(* For the class $\mathcal{A}=\{A_\rho:\rho\in[0,1]\}$ of MWIS greedy heuristics (adaptive or non-adaptive), there is a distribution over sequences $x_1,\dots,x_T$ of MWIS instances on at most $n$ vertices such that every (possibly randomized) online learning algorithm has expected regret at least $1-o_n(1)$, where $o_n(1)$ is independent of $T$ and tends to $0$ as $n\to\infty$.
   Context: MWIS instance: undirected graph with nonnegative vertex weights. $A_\rho$ repeatedly selects, among vertices not yet selected or blocked, one maximizing $w_v/(1+\deg(v))^\rho$ (ties lexicographic), adds it, and blocks its neighbors; $\deg(v)$ is the original degree (non-adaptive) or the degree in the remaining induced subgraph (adaptive). $\mathrm{cost}(A_\rho,x)\in[0,1]$ is the total weight of the returned independent set (to be maximized). Online learning: at each step $t$ the learner chooses $A_t\in\mathcal{A}$ (possibly randomly) knowing only $x_1,\dots,x_{t-1}$; its regret on $x_1,\dots,x_T$ is $\frac1T\big(\sup_{A\in\mathcal{A}}\sum_{t=1}^T\mathrm{cost}(A,x_t)-\sum_{t=1}^T\mathrm{cost}(A_t,x_t)\big)$. *)

From Stdlib Require Import Reals Lra List Arith ClassicalEpsilon.
Import ListNotations.
Open Scope R_scope.

(* An MWIS instance: vertices 0..nv-1, weights wt, adjacency adj. *)
Record Inst := mkInst { nv : nat; wt : nat -> R; adj : nat -> nat -> bool }.

Definition wf_inst (x : Inst) : Prop :=
  (forall v, (v < nv x)%nat -> 0 <= wt x v) /\
  (forall u v, (u < nv x)%nat -> (v < nv x)%nat -> adj x u v = adj x v u) /\
  (forall v, (v < nv x)%nat -> adj x v v = false).

Definition orig_deg (x : Inst) (u : nat) : nat :=
  length (filter (adj x u) (seq 0 (nv x))).

(* among cur :: l, the first (smallest-position) maximizer of score;
   lists are kept in increasing vertex order, so ties are broken
   lexicographically (smallest index wins). *)
Fixpoint best (score : nat -> R) (l : list nat) (cur : nat) : nat :=
  match l with
  | [] => cur
  | v :: l' => if Rlt_dec (score cur) (score v) then best score l' v
               else best score l' cur
  end.
Definition tree_lts : rel Act D := fun s a s' => finite_tree s /\ snd (unf s a) s'.

Lemma tree_lts_image_finite : image_finite tree_lts tree_lts.
Proof.
  enough (H : forall s a, finite_set (tree_lts s a)) by (intros s a; split; apply H).
  intros s a. destruct (classic (finite_tree s)) as [Ts|Ts].
  - destruct (finite_tree_unf a Ts) as [ds [_ [_ HU]]].
    exists ds. intros y [_ Uy]. apply HU, Uy.
  - exists []. intros y [Ts' _]. contradiction.
Qed.

Lemma point_refines_tree_lts d :
  finite_tree d -> refines (DRa unf) (DRc unf) d tree_lts tree_lts d.
Proof.
  intros Td. apply <- refinesP. exists (fun x s => finite_tree s /\ le x s).
  split; [|split; [exact Td|apply le_refl]].
  intros x s [Ts Hxs] a. destruct (finite_tree_unf a Ts) as [ds [Hds [HL HU]]]. split.
  - intros x' Hx'. apply (le_fst Hxs), HL in Hx' as [y [Hy Hx'y]].
    exists y. split; [split; [exact Ts|apply HU, Hy]|split; [apply Hds, Hy|exact Hx'y]].
  - intros s' [_ Us']. exists s'.
    split; [exact (le_snd Hxs Us')|split; [apply Hds, HU, Us'|apply le_refl]].
Qed.

Lemma tree_lts_refines_point d :
  finite_tree d -> refines tree_lts tree_lts d (DRa unf) (DRc unf) d.
Proof.
  intros Td. apply <- refinesP. exists (fun s y => finite_tree s /\ le s y).
  split; [|split; [exact Td|apply le_refl]].
  intros s y [Ts Hsy] a. destruct (finite_tree_unf a Ts) as [ds [Hds [HL HU]]]. split.
  - intros s' [_ Us']. apply HU in Us'. exists s'.
    split; [apply (le_fst Hsy), HL; exists s'; auto|split; [apply Hds, Us'|apply le_refl]].
  - intros y' Uy'. pose proof (le_snd Hsy Uy') as Us'. exists y'.
    split; [split; [exact Ts|exact Us']|split; [apply Hds, HU, Us'|apply le_refl]].
Qed.

Lemma tree_point_is_LTS_point n d : tree_point n d -> is_LTS_point unf d.
Proof.
  intros Hd. assert (Td : finite_tree d) by (exists n; exact Hd).
  exists D, tree_lts, d. split; [exact tree_lts_image_finite|].
  split; [apply point_refines_tree_lts|apply tree_lts_refines_point]; exact Td.
Qed.

Lemma point_of_lists (g : Act -> list D) : exists d, forall a,
  set_eq (fst (unf d a)) (down le (fun y => In y (g a))) /\
  set_eq (snd (unf d a)) (up le (fun y => In y (g a))).
Proof.
  apply (unf_onto (fun a => (down le (fun y => In y (g a)), up le (fun y => In y (g a))))).
  intro a. exact (mixed_pd_elem_list le_po le_alg (g a)).
Qed.

Section TreeAbove.
Variable n : nat.
Hypothesis Kn_below_tree : forall F : list D,
  (forall k, In k F -> Kn le unf n k) -> (exists u, upper_bound le (fun k => In k F) u) ->
  exists d, tree_point (S n) d /\ upper_bound le (fun k => In k F) d.
Variables (F : list D) (u : D).
Hypothesis F_Kn : forall k, In k F -> Kn le unf (S n) k.
Hypothesis F_le_u : upper_bound le (fun k => In k F) u.
Variable a : Act.

Definition shared_successor (y : D) : Prop :=
  tree_point (S n) y /\ forall k, In k F -> snd (unf k a) y.

Lemma shared_successor_above x :
  Kn le unf n x -> fst (unf u a) x -> exists y, shared_successor y /\ le x y.
Proof.
  intros Hx Lx. destruct (fst_unf_down Lx) as [w [[_ Uw] Hxw]].
  destruct (list_choice (fun b => Kn le unf n b /\ le b w)
              (fun k b => forall y, le b y -> snd (unf k a) y) F) as [G [HG HFG]].
  { intros k Hk. destruct (F_Kn k Hk a) as [A [B [_ [HB [_ HUB]]]]].
    apply (le_snd (F_le_u k Hk)), HUB in Uw as [b [Hb Hbw]].
    exists b. split; [split; [apply HB, Hb|exact Hbw]|].
    intros y Hby. apply HUB. exists b. auto. }
  destruct (Kn_below_tree (x :: G)) as [y [Ty Hy]].
  - intros k [<-|Hk]; [exact Hx|apply HG, Hk].
  - exists w. intros k [<-|Hk]; [exact Hxw|apply HG, Hk].
  - exists y. split; [split; [exact Ty|]|apply Hy; left; reflexivity].
    intros k Hk. destruct (HFG k Hk) as [b [Hb Hky]]. apply Hky, Hy. right. exact Hb.
Qed.

Lemma shared_successors_cover : exists ds, (forall y, In y ds -> shared_successor y) /\
  forall k, In k F -> forall z, fst (unf k a) z -> exists y, In y ds /\ le z y.
Proof.
  destruct (list_choice (fun ds => forall y, In y ds -> shared_successor y)
              (fun k ds => forall z, fst (unf k a) z -> exists y, In y ds /\ le z y) F)
    as [GG [HGG HFGG]].
  { intros k Hk. destruct (F_Kn k Hk a) as [A [B [HA [_ [HLA _]]]]].
    destruct (list_choice shared_successor le A) as [G [HG HAG]].
    { intros x Hx. apply shared_successor_above; [apply HA, Hx|].
      apply (le_fst (F_le_u k Hk)), HLA. exists x. auto. }
    exists G. split; [exact HG|].
    intros z Hz. apply HLA in Hz as [x [Hx Hzx]]. destruct (HAG x Hx) as [y [Hy Hxy]].
    exists y. eauto. }
  exists (concat GG). split.
  - intros y Hy. apply in_concat in Hy as [ds [Hds Hy]]. exact (HGG ds Hds y Hy).
  - intros k Hk z Hz. destruct (HFGG k Hk) as [ds [Hds Hcov]].
    destruct (Hcov z Hz) as [y [Hy Hzy]]. exists y. split; [|exact Hzy].
    apply in_concat. exists ds. auto.
Qed.

End TreeAbove.

Lemma Kn_lists_below_tree n (F : list D) :
  (forall k, In k F -> Kn le unf n k) -> (exists u, upper_bound le (fun k => In k F) u) ->
  exists d, tree_point (S n) d /\ upper_bound le (fun k => In k F) d.
Proof.
  revert F. induction n as [|n IH]; intros F HF [u Hu].
  - destruct (point_of_lists (fun _ => [])) as [d Hd]. exists d. split.
    + intro a. exists []. split; [intros y []|apply Hd].
    + intros k Hk. exact (HF k Hk d).
  - destruct (choice _ (shared_successors_cover IH F HF Hu)) as [g Hg].
    destruct (point_of_lists g) as [d Hd]. exists d. split.
    + intro a. exists (g a). split; [|apply Hd]. intros y Hy. exact (proj1 (proj1 (Hg a) y Hy)).
    + intros k Hk. apply le_unf. intro a.
      destruct (Hg a) as [Hsucc Hcov]. destruct (Hd a) as [HL HU]. split.
      * intros z Hz. apply HL. destruct (Hcov k Hk z Hz) as [y [Hy Hzy]]. exists y. auto.
      * intros z Hz. apply HU in Hz as [y [Hy Hyz]].
        exact (snd_unf_upper (proj2 (Hsucc y Hy) k Hk) Hyz).
Qed.

End InitialSolution.

Theorem proposition3p14 (Act : Type) (D : Type) (le : D -> D -> Prop)
    (unf : D -> Act -> (D -> Prop) * (D -> Prop)) :
  finite_type Act ->
  is_initial_solution le unf ->
  (* {[L,l]} is a subset of X = max(D) *)
  (forall d, is_LTS_point unf d -> maximal le d) /\
  (* and it is dense in (X, tau_X): every nonempty open U ∩ X meets it *)
  (forall U : D -> Prop, scott_open le U ->
     (exists x, maximal le x /\ U x) ->
     exists d, is_LTS_point unf d /\ U d).
Proof.
  intros _ [[le_po [_ [le_alg _]]] [unf_mixed [unf_onto [le_unf compact_Kn]]]].
  split.
  - exact (LTS_point_maximal le_po unf_mixed le_unf le_alg compact_Kn).
  - intros U HU [x [_ Ux]].
    apply HU in Ux as [k [[Uk Hk] Hkx]]. apply compact_Kn in Hk as [n Hn].
    destruct (Kn_lists_below_tree unf le_po unf_mixed le_unf le_alg unf_onto n [k])
      as [d [Hd Hkd]].
    + intros k' [<-|[]]. exact Hn.
    + exists x. intros k' [<-|[]]. exact Hkx.
    + exists d. split.
      * exact (tree_point_is_LTS_point unf le_po unf_mixed le_unf (S n) d Hd).
      * apply HU. exists k. split; [split; [exact Uk|apply compact_Kn; exists n; exact Hn]|].
        apply Hkd. left. reflexivity.
Qed.
(* Let $m\ge2$, let $\mathbf A$ be the $(m-1)\times(m-1)$ tridiagonal matrix with $2$ on the diagonal and $-1$ on the sub- and super-diagonals, and let $\mathbf x(\varepsilon)$ be the solution of $e^{-\mathbf x}=\frac{\varepsilon^2}{8}\mathbf A^{-1}\mathbf x$ satisfying $\mathbf x=-2\log(\varepsilon)\mathbf 1-\log|\log\varepsilon|\mathbf 1+2\log(2)\mathbf 1-\log(\mathbf A^{-1}\mathbf 1)+o(1)$. Put $\mathbf w=\mathbf A^{-1}\mathbf x$ and consider the eigenvalue problem for $(\omega^2,\xi)$, $\xi\in\mathbb R^{m-1}\setminus\{0\}$: $$ (2-\omega^2)\xi_j-2\big(w_{j+1}\xi_{j+1}-2w_j\xi_j+w_{j-1}\xi_{j-1}\big)=0,\quad j=1,\dots,m-1, $$ with the convention $w_0\xi_0=w_m\xi_m=0$. Then for sufficiently small $\varepsilon>0$ its $m-1$ eigenvalues can be labelled $\omega_1^2,\dots,\omega_{m-1}^2$ so that $$ \omega_n^2=2+\big(-4\log\varepsilon-2\log|\log\varepsilon|+4\log2\big)\frac{n(n+1)}{2}+\mathcal O(1)\quad\text{as }\varepsilon\to0,\qquad n=1,\dots,m-1 . $$
   Context: For a vector $\mathbf y$, $\log\mathbf y$ denotes the componentwise logarithm; $\mathbf 1=(1,\dots,1)^T\in\mathbb R^{m-1}$. The values $n(n+1)/2$, $n=1,\dots,m-1$, form the set $\{1,3,6,\dots,m(m-1)/2\}$. *)

From Stdlib Require Import Reals Lra Lia Arith ClassicalEpsilon.
Open Scope R_scope.

(* Vectors in R^(m-1) are functions nat -> R indexed by j = 1..m-1.
   [ext m v] extends v by zero outside 1..m-1 (convention v_0 = v_m = 0). *)
Definition in_range (m j : nat) : Prop := (1 <= j /\ j <= m - 1)%nat.

Definition ext (m : nat) (v : nat -> R) (j : nat) : R :=
  if andb (Nat.leb 1 j) (Nat.leb j (m - 1)) then v j else 0.

Definition Amul (m : nat) (v : nat -> R) (j : nat) : R :=
  2 * ext m v j - ext m v (j - 1)%nat - ext m v (j + 1)%nat.

Definition Ainv (m : nat) (x : nat -> R) : nat -> R :=
  epsilon (inhabits (fun _ : nat => 0))
    (fun w => forall j, in_range m j -> Amul m w j = x j).

Definition is_eigenvalue (m : nat) (w : nat -> R) (lam : R) : Prop :=
  exists xi : nat -> R,
    (exists j, in_range m j /\ xi j <> 0) /\
    forall j, in_range m j ->
      let wxi := ext m (fun i => w i * xi i) in
      (2 - lam) * xi j - 2 * (wxi (j + 1)%nat - 2 * wxi j + wxi (j - 1)%nat) = 0.

From Stdlib Require Import Reals Lra Lia Arith List Classical ClassicalEpsilon.
Open Scope R_scope.

(* Write w = A^{-1} x and L = -2 log eps - log|log eps| + 2 log 2.
   1. Reduction: for w > 0, the substitution v_j = w_j xi_j turns the eigenvalue
      problem into the three-term recurrence c_j (v_{j+1} - 2 v_j + v_{j-1}) + s v_j = 0
      with c_j = 2 w_j / L and s = (omega^2 - 2) / L; so omega^2 is an eigenvalue
      iff the shooting solution u (u_0 = 0, u_1 = 1) has u_m(s) = 0.
   2. Unperturbed problem: for c_j = j (m - j) a Newton-series computation gives
      the closed form u_m(s) = m prod_{k=1}^{m-1} (1 - s/(k(k+1))), which changes
      sign quantitatively across each s = n(n+1).
   3. Perturbation: u_m depends Lipschitz-continuously on c, and is a polynomial
      of degree m-1 in s; by the intermediate value theorem and root counting,
      eta-close coefficients give exactly m-1 zeros, each O(eta) from an n(n+1).
   4. The asymptotics of x give |x_j - L| = O(1), hence w = L A^{-1} 1 + O(1) and
      c_j = j (m - j) + O(1/L); scaling back, omega_n^2 = 2 + L n(n+1) + O(1). *)

Fixpoint sumR (f : nat -> R) (n : nat) : R :=
  match n with O => 0 | S n' => sumR f n' + f n' end.

Lemma sumR_ext f g n : (forall k, (k < n)%nat -> f k = g k) -> sumR f n = sumR g n.
Proof. induction n; simpl; intros H; auto. rewrite IHn; [rewrite H|]; auto; intros; apply H; lia. Qed.

Lemma sumR_minus f g n : sumR (fun k => f k - g k) n = sumR f n - sumR g n.
Proof. induction n; simpl; [lra|rewrite IHn; lra]. Qed.

Lemma sumR_scal a f n : sumR (fun k => a * f k) n = a * sumR f n.
Proof. induction n; simpl; [lra|rewrite IHn; lra]. Qed.

Lemma sumR_lin3 f g h n :
  sumR f n - 2 * sumR g n + sumR h n = sumR (fun k => f k - 2 * g k + h k) n.
Proof. induction n; simpl; lra. Qed.

Lemma sumR_shift f n : sumR f (S n) = f O + sumR (fun k => f (S k)) n.
Proof. induction n; simpl in *; [lra|rewrite IHn; lra]. Qed.

Lemma sumR_tele h n : sumR (fun k => h k - h (S k)) n = h O - h n.
Proof. induction n; simpl; [lra|rewrite IHn; lra]. Qed.

Lemma sumR_zero n : sumR (fun _ => 0) n = 0.
Proof. induction n; simpl; lra. Qed.

Lemma Rabs_le_inv a b : Rabs a <= b -> - b <= a <= b.
Proof. unfold Rabs; destruct (Rcase_abs a); lra. Qed.

Lemma INR_le_lt a b : (a + 1 <= b)%nat -> INR a + 1 <= INR b.
Proof. intros H. apply le_INR in H. rewrite plus_INR in H. simpl in H. lra. Qed.

(* Real binomial coefficients defined by Pascal's rule, so that
   [binom n k = 0] for [k > n] (unlike Stdlib's factorial formula). *)
Fixpoint binom (n k : nat) : R :=
  match n, k with
  | _, O => 1
  | O, S _ => 0
  | S n', S k' => binom n' k' + binom n' (S k')
  end.

Lemma binom_gt n k : (n < k)%nat -> binom n k = 0.
Proof.
  revert k; induction n; intros k H; destruct k; try lia; simpl; auto.
  rewrite !IHn; try lia; lra.
Qed.

Lemma binom_0 n : binom n 0 = 1. Proof. destruct n; reflexivity. Qed.

Lemma binom_1 n : binom n 1 = INR n.
Proof. induction n; simpl; auto. rewrite IHn, binom_0. destruct n; simpl; lra. Qed.
(* Let $S=\langle P,\varphi\rangle$ be a SUT model, $t$ a strength and $N\ge1$ an integer. The optimal cost of the Partial MaxSAT instance $TPMSat_{CX}^{N,t,S}$ (defined in the context) is $|\mathcal T_a|-T(N;t,S)$.
   Context: A SUT model is $S=\langle P,\varphi\rangle$, where $P$ is a finite set of parameters, each $p\in P$ having a finite nonempty domain $d(p)$, and $\varphi$ is a propositional formula whose atoms have the form $(p=v)$ with $p\in P$, $v\in d(p)$. A test case is a full assignment $A$ giving each $p$ a value in $d(p)$ such that $\varphi$ is true when each atom $(p=v)$ is read as true iff $A(p)=v$; it is assumed that at least one test case exists. Fix a strength $t$ with $1\le t\le|P|$. A $t$-tuple is an assignment of values to exactly $t$ distinct parameters, viewed as a set of pairs $(p,v)$; a test case covers $\tau$ if it assigns $v$ to $p$ for every $(p,v)\in\tau$. A $t$-tuple is allowed if some test case covers it; $\mathcal T_a$ is the set of allowed $t$-tuples. The Tuple Number $T(N;t,S)$ is the maximum number of $t$-tuples covered (each by at least one member) by a list of $N$ test cases. $[N]=\{1,\dots,N\}$. A Partial MaxSAT instance consists of hard constraints and soft clauses $(c,w)$ with positive integer weights; its optimal cost is the minimum, over truth assignments satisfying all hard constraints, of the total weight of falsified soft clauses ($\infty$ if the hard constraints are unsatisfiable). Variables: $x_{i,p,v}$ ($i\in[N]$, $p\in P$, $v\in d(p)$), $c^i_\tau$ and $c_\tau$ ($i\in[N]$, $\tau\in\mathcal T_a$). Hard constraints of $TPMSat_{CX}^{N,t,S}$: (X) for every $i\in[N]$, $p\in P$: exactly one of $\{x_{i,p,v}:v\in d(p)\}$ is true; (SUTX) for every $i\in[N]$: the formula obtained from $\varphi$ by replacing each atom $(p=v)$ with $x_{i,p,v}$; (CX) for every $i\in[N]$, $\tau\in\mathcal T_a$, $(p,v)\in\tau$: $c^i_\tau\rightarrow x_{i,p,v}$; (RC) for every $\tau\in\mathcal T_a$: $c_\tau\leftrightarrow\bigvee_{i\in[N]}c^i_\tau$. Soft clauses (SoftC): $(c_\tau,1)$ for every $\tau\in\mathcal T_a$. *)

From HB Require Import structures.
From mathcomp Require Import all_boot.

▶ **Task requirements**
In the listing above, start at the line with "best score l' v", go on through the line with "enough (H : forall", and copy each of those lines exactly; leave out all the rest.

▶ **Solution below**
  | v :: l' => if Rlt_dec (score cur) (score v) then best score l' v
               else best score l' cur
  end.
Definition tree_lts : rel Act D := fun s a s' => finite_tree s /\ snd (unf s a) s'.

Lemma tree_lts_image_finite : image_finite tree_lts tree_lts.
Proof.
  enough (H : forall s a, finite_set (tree_lts s a)) by (intros s a; split; apply H).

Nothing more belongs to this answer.